> [About this task]: For the data below, restate word for word only the lines from the line containing "Lemma wmaxE (R" through the line containing "wmin w k = \sum_(j", both ends included.

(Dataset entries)

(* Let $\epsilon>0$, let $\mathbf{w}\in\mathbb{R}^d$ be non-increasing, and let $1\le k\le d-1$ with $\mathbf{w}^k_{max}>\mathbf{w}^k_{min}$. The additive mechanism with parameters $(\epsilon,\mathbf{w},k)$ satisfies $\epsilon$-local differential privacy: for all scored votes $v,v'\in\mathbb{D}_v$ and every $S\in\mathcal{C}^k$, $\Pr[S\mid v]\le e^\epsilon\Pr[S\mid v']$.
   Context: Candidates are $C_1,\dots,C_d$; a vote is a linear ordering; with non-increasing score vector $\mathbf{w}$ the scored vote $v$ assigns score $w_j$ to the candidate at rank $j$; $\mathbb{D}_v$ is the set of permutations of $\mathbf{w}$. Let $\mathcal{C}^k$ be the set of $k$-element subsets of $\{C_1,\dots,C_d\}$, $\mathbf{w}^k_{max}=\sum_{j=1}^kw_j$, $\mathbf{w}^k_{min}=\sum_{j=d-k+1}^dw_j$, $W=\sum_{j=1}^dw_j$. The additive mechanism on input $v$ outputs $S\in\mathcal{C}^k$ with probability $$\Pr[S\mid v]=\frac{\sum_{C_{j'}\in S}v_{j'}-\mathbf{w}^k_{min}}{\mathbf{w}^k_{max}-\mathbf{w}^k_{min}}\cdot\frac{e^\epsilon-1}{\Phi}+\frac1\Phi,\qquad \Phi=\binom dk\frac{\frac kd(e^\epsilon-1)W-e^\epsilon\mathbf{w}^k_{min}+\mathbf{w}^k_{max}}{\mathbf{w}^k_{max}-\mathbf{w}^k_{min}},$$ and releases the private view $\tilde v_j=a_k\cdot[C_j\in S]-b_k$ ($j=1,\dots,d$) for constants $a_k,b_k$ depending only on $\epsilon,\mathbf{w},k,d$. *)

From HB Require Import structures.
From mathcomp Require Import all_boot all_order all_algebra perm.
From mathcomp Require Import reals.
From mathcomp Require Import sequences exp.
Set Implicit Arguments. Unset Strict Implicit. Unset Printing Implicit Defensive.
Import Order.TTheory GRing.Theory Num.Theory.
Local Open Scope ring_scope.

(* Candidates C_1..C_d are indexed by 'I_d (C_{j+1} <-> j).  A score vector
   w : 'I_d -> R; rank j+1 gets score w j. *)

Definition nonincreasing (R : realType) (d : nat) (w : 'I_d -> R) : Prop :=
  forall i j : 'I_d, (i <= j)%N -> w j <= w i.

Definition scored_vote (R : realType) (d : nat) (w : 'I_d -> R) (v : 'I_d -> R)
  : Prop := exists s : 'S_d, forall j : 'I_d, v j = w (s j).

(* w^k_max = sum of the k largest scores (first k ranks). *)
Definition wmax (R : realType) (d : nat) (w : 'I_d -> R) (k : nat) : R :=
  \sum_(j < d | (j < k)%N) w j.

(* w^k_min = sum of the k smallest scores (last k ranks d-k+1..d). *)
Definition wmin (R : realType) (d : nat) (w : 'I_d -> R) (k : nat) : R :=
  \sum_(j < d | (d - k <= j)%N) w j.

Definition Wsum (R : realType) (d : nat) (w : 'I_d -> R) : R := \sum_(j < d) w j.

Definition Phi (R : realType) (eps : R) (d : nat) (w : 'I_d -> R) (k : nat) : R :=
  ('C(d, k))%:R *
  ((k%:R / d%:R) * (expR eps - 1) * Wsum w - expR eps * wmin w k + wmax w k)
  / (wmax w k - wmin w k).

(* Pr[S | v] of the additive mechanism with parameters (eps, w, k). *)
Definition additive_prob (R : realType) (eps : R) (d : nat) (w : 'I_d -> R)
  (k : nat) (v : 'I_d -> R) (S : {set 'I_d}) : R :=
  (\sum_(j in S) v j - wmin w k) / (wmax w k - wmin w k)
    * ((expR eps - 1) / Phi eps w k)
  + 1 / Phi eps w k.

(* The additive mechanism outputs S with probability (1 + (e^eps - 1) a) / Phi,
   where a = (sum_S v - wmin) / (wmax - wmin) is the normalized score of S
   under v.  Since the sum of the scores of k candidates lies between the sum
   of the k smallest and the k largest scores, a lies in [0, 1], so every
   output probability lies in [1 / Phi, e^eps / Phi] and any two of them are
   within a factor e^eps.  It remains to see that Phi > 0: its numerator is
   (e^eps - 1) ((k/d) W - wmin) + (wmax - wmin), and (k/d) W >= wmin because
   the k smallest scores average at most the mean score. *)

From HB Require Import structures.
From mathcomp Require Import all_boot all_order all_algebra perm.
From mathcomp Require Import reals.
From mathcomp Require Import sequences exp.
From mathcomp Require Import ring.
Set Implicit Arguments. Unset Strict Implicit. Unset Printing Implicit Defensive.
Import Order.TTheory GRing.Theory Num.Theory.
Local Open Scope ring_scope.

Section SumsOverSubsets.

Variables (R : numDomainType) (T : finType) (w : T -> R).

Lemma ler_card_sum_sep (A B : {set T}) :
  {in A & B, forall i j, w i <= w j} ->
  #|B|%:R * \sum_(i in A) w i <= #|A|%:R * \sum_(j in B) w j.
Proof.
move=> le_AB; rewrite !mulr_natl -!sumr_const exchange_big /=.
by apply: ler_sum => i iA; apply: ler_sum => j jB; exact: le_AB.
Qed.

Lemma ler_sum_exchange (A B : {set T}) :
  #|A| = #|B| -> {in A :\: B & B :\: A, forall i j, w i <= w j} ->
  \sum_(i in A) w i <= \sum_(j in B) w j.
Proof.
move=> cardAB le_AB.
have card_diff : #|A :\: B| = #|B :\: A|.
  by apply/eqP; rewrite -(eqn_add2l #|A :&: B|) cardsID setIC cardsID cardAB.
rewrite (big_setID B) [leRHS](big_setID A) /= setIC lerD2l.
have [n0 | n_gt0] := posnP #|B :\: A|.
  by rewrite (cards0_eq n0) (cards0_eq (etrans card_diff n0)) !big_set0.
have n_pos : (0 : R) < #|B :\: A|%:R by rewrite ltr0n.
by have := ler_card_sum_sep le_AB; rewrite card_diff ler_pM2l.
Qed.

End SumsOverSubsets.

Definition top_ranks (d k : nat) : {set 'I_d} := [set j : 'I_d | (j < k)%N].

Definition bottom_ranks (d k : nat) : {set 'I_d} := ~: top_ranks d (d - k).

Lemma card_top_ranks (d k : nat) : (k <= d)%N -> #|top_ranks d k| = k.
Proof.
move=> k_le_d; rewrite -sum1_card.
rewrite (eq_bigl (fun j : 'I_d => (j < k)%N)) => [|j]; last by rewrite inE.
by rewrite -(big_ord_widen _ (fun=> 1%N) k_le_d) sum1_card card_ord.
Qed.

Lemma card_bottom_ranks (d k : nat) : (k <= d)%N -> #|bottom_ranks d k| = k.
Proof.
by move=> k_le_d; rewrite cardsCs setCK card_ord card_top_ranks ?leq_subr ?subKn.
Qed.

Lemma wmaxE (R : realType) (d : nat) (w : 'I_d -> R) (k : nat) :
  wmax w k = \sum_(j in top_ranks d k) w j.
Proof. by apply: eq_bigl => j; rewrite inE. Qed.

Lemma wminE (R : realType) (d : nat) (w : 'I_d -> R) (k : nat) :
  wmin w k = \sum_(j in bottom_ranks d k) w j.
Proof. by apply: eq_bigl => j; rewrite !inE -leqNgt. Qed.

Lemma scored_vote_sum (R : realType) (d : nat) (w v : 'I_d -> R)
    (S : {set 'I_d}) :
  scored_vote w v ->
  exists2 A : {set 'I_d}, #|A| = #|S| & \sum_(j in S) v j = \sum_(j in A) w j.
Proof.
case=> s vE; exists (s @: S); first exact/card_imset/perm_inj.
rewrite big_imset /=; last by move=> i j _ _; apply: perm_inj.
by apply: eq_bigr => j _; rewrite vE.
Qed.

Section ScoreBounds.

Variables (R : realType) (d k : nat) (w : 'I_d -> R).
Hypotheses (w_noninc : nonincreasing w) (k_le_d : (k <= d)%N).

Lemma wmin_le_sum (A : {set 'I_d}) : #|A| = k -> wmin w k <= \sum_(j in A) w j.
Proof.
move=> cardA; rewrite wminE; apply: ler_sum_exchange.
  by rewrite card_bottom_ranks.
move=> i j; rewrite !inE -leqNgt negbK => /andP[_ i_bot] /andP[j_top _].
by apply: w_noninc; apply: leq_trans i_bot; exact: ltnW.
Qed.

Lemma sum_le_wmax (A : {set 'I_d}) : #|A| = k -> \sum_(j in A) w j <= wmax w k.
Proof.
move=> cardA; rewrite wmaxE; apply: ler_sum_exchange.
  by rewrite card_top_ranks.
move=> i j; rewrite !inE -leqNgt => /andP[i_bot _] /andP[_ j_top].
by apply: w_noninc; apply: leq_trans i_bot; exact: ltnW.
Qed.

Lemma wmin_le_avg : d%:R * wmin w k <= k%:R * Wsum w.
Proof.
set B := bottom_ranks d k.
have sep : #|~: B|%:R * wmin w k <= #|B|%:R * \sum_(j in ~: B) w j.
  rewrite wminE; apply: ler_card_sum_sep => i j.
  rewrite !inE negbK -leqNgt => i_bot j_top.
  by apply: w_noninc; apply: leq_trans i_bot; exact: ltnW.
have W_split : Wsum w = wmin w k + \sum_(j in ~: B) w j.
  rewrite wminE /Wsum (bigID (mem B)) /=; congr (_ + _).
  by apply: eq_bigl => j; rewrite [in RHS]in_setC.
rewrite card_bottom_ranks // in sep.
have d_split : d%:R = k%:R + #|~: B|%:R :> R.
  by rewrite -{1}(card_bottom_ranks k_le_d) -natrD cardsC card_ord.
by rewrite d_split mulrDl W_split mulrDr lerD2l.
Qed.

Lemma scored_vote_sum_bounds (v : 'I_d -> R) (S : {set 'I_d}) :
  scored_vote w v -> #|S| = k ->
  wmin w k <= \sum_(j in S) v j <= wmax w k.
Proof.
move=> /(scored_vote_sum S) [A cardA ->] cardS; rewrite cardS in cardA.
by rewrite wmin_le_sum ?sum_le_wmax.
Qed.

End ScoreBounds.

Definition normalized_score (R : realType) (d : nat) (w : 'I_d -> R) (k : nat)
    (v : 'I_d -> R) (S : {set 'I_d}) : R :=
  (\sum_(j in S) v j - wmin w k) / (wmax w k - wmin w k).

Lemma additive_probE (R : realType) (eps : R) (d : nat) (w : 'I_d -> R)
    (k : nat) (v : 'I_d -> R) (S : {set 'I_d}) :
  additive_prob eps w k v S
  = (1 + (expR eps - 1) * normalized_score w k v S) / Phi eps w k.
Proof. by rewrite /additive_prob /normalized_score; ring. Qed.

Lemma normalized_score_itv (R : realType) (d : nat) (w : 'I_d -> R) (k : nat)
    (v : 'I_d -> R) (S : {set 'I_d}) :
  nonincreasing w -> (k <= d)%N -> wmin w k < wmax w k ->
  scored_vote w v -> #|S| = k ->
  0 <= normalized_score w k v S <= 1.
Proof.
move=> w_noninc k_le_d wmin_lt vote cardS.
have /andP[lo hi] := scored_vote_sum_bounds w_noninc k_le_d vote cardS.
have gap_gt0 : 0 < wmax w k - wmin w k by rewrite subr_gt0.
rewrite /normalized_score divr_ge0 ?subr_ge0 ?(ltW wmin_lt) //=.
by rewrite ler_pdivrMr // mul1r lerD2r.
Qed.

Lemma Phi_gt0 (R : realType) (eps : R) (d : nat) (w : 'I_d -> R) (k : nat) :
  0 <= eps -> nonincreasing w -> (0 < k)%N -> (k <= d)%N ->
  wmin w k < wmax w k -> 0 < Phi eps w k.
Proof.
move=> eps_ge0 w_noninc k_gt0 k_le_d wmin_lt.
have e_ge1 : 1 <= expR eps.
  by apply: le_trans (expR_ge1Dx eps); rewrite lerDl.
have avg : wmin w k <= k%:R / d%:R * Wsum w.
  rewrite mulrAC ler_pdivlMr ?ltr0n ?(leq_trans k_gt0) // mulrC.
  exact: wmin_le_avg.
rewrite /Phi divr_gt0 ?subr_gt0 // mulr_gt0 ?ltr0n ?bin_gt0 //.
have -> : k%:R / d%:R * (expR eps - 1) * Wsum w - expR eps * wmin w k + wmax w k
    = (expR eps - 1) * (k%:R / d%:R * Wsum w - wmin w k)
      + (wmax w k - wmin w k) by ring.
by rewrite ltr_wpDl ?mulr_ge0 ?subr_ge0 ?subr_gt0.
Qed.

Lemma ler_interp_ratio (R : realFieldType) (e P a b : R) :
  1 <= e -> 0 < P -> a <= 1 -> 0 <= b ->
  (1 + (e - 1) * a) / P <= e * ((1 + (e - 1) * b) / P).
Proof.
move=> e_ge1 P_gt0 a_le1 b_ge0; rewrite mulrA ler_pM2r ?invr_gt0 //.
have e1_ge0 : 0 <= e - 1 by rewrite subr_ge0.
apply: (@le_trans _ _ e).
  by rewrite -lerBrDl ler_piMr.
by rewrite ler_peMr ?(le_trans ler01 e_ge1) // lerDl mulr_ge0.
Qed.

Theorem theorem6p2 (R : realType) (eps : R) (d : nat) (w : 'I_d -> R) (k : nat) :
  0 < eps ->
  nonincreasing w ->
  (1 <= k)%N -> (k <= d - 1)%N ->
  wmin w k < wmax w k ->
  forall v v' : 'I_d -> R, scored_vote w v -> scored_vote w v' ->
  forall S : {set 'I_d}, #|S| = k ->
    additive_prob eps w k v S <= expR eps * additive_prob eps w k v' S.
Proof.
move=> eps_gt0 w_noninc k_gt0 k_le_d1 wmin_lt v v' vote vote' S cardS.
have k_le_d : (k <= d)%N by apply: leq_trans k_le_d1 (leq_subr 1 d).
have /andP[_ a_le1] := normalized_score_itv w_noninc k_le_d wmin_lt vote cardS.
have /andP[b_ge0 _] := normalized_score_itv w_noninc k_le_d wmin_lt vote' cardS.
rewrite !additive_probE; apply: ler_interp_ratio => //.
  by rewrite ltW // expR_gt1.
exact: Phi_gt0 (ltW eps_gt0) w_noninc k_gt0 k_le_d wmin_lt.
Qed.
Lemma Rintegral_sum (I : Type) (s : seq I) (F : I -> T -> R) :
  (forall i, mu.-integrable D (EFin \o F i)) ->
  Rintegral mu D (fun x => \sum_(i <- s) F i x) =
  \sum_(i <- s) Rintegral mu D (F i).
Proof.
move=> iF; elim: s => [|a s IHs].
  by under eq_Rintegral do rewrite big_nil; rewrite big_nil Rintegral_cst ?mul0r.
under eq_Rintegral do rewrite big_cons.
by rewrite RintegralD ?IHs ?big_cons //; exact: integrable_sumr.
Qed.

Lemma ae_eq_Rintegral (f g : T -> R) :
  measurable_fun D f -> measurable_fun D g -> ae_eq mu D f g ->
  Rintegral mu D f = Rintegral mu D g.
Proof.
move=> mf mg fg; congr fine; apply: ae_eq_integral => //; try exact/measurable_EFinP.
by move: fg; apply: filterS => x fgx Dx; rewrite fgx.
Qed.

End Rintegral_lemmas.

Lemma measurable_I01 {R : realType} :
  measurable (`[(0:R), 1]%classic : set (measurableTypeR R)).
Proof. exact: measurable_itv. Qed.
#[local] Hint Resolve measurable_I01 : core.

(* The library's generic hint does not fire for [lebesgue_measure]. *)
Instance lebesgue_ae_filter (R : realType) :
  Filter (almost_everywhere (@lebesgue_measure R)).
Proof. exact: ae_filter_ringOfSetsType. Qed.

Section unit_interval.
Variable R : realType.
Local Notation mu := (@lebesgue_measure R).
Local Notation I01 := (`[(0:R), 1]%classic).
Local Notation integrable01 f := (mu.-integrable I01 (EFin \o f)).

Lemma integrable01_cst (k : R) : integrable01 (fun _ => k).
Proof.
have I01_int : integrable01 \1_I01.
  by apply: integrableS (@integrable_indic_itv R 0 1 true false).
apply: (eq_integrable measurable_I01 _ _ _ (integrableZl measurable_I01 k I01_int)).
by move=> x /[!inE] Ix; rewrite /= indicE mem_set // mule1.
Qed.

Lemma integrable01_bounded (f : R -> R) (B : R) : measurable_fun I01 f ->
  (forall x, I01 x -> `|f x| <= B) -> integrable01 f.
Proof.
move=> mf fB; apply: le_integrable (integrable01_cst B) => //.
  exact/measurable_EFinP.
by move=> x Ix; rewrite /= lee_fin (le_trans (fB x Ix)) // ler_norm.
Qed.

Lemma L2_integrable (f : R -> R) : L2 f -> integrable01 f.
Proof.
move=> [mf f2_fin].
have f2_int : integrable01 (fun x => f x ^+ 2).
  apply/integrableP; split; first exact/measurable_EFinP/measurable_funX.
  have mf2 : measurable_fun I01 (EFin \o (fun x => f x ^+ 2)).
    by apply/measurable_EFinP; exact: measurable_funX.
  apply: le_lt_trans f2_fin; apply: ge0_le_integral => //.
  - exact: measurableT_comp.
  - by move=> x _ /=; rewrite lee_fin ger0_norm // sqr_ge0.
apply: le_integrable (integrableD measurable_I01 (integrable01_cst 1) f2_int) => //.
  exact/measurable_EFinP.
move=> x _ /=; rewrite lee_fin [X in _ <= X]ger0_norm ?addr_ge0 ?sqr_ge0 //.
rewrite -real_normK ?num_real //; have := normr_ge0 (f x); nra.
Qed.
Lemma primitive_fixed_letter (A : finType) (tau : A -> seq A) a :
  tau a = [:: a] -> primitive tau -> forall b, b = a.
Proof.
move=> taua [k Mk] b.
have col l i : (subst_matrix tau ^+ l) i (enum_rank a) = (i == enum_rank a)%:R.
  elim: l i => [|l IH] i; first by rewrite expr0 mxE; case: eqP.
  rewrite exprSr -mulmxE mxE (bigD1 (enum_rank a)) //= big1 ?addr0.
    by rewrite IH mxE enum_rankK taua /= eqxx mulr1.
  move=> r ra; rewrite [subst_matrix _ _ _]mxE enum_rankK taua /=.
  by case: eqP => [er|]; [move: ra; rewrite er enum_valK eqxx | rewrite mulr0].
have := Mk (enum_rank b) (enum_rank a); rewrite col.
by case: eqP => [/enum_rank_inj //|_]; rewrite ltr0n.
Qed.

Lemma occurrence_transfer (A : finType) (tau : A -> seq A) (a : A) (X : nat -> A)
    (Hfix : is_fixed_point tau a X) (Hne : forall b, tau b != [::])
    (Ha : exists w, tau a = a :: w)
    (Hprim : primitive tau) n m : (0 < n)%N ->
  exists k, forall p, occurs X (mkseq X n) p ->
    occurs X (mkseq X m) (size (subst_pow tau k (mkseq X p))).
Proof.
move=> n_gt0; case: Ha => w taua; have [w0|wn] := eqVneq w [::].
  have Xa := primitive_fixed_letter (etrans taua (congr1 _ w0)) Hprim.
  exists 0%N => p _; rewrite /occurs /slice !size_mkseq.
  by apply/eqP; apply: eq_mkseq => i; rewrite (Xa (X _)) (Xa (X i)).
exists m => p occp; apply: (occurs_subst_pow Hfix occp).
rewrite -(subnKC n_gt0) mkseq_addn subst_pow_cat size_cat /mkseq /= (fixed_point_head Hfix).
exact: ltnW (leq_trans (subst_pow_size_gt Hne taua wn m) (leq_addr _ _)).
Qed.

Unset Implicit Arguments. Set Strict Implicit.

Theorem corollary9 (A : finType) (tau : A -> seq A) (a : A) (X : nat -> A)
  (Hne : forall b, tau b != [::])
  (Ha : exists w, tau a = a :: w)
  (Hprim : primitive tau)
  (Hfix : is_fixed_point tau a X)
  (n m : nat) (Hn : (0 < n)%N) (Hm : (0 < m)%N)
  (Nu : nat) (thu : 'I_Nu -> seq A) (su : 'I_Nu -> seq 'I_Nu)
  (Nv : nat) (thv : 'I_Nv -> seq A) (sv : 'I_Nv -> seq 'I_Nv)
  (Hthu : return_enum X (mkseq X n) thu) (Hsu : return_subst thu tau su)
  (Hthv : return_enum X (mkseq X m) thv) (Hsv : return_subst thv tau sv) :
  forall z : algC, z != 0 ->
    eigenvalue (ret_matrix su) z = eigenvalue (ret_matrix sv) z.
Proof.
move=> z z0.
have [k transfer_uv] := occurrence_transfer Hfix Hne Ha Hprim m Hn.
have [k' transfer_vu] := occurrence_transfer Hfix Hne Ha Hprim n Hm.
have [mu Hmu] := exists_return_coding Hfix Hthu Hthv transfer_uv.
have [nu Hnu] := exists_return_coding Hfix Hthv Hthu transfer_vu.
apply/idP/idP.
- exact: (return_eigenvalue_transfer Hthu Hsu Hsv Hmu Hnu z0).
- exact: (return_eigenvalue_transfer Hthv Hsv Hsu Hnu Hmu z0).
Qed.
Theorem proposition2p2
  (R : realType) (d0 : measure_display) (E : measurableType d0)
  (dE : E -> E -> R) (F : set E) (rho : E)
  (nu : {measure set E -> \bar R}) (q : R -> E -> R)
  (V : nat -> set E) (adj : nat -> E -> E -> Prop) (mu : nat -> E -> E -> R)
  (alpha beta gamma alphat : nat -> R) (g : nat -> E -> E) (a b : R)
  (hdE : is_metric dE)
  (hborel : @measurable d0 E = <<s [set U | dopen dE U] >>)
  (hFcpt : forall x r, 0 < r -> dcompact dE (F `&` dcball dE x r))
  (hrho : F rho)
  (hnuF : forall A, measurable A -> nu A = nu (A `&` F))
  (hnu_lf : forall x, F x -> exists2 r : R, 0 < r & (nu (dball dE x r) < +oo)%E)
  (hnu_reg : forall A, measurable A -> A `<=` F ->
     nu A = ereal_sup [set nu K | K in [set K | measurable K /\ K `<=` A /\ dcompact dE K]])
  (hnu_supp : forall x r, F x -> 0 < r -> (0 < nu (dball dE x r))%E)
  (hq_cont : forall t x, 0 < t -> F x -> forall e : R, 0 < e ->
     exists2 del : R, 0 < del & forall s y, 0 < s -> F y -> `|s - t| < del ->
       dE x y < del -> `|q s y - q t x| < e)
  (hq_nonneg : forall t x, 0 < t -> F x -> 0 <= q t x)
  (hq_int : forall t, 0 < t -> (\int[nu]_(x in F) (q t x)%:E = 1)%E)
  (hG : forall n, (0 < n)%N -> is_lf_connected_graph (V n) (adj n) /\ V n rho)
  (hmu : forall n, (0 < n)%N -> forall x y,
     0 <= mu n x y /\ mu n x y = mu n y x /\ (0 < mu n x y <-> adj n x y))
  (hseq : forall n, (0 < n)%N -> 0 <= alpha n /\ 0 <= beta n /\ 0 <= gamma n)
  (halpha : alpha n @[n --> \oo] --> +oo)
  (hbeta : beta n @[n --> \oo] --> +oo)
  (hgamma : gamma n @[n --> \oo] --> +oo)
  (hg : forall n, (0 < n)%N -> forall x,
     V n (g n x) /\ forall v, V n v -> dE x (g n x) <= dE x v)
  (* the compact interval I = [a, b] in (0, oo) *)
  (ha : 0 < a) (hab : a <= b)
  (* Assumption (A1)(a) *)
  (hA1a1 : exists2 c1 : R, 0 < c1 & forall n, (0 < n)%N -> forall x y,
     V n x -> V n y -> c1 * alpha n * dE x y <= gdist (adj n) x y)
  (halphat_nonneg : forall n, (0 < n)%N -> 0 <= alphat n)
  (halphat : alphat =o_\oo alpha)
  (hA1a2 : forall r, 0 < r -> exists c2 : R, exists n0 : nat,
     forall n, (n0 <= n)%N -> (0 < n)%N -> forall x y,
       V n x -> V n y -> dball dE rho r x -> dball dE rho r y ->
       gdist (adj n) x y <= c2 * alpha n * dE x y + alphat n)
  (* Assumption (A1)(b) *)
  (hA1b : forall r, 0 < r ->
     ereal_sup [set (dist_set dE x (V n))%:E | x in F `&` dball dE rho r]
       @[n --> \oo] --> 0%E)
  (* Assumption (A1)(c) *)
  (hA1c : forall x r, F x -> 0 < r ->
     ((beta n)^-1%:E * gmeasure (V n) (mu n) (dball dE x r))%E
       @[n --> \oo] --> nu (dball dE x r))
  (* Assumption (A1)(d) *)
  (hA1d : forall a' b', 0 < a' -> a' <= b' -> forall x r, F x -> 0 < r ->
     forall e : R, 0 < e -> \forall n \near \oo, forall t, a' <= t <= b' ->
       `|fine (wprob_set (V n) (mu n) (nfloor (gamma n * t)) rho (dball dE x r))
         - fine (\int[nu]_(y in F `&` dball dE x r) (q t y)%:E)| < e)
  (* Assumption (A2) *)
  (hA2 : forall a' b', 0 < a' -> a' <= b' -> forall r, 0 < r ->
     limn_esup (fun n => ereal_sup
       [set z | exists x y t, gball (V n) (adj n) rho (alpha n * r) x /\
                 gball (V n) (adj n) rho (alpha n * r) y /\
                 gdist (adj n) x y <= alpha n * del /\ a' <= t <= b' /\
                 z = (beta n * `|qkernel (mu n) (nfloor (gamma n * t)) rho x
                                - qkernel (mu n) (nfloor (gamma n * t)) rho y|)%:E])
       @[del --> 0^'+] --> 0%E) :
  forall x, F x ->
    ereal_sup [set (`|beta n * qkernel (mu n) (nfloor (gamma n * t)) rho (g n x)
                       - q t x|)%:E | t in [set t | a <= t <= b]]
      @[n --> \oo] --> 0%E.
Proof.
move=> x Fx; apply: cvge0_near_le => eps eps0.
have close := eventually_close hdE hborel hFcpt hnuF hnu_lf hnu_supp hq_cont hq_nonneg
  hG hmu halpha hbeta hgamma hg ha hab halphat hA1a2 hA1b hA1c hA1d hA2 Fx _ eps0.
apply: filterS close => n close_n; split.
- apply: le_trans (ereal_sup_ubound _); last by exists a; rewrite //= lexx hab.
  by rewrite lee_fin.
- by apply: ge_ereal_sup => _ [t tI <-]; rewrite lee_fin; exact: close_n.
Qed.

> [Response for this exercise]:
Lemma wmaxE (R : realType) (d : nat) (w : 'I_d -> R) (k : nat) :
  wmax w k = \sum_(j in top_ranks d k) w j.
Proof. by apply: eq_bigl => j; rewrite inE. Qed.

Lemma wminE (R : realType) (d : nat) (w : 'I_d -> R) (k : nat) :
  wmin w k = \sum_(j in bottom_ranks d k) w j.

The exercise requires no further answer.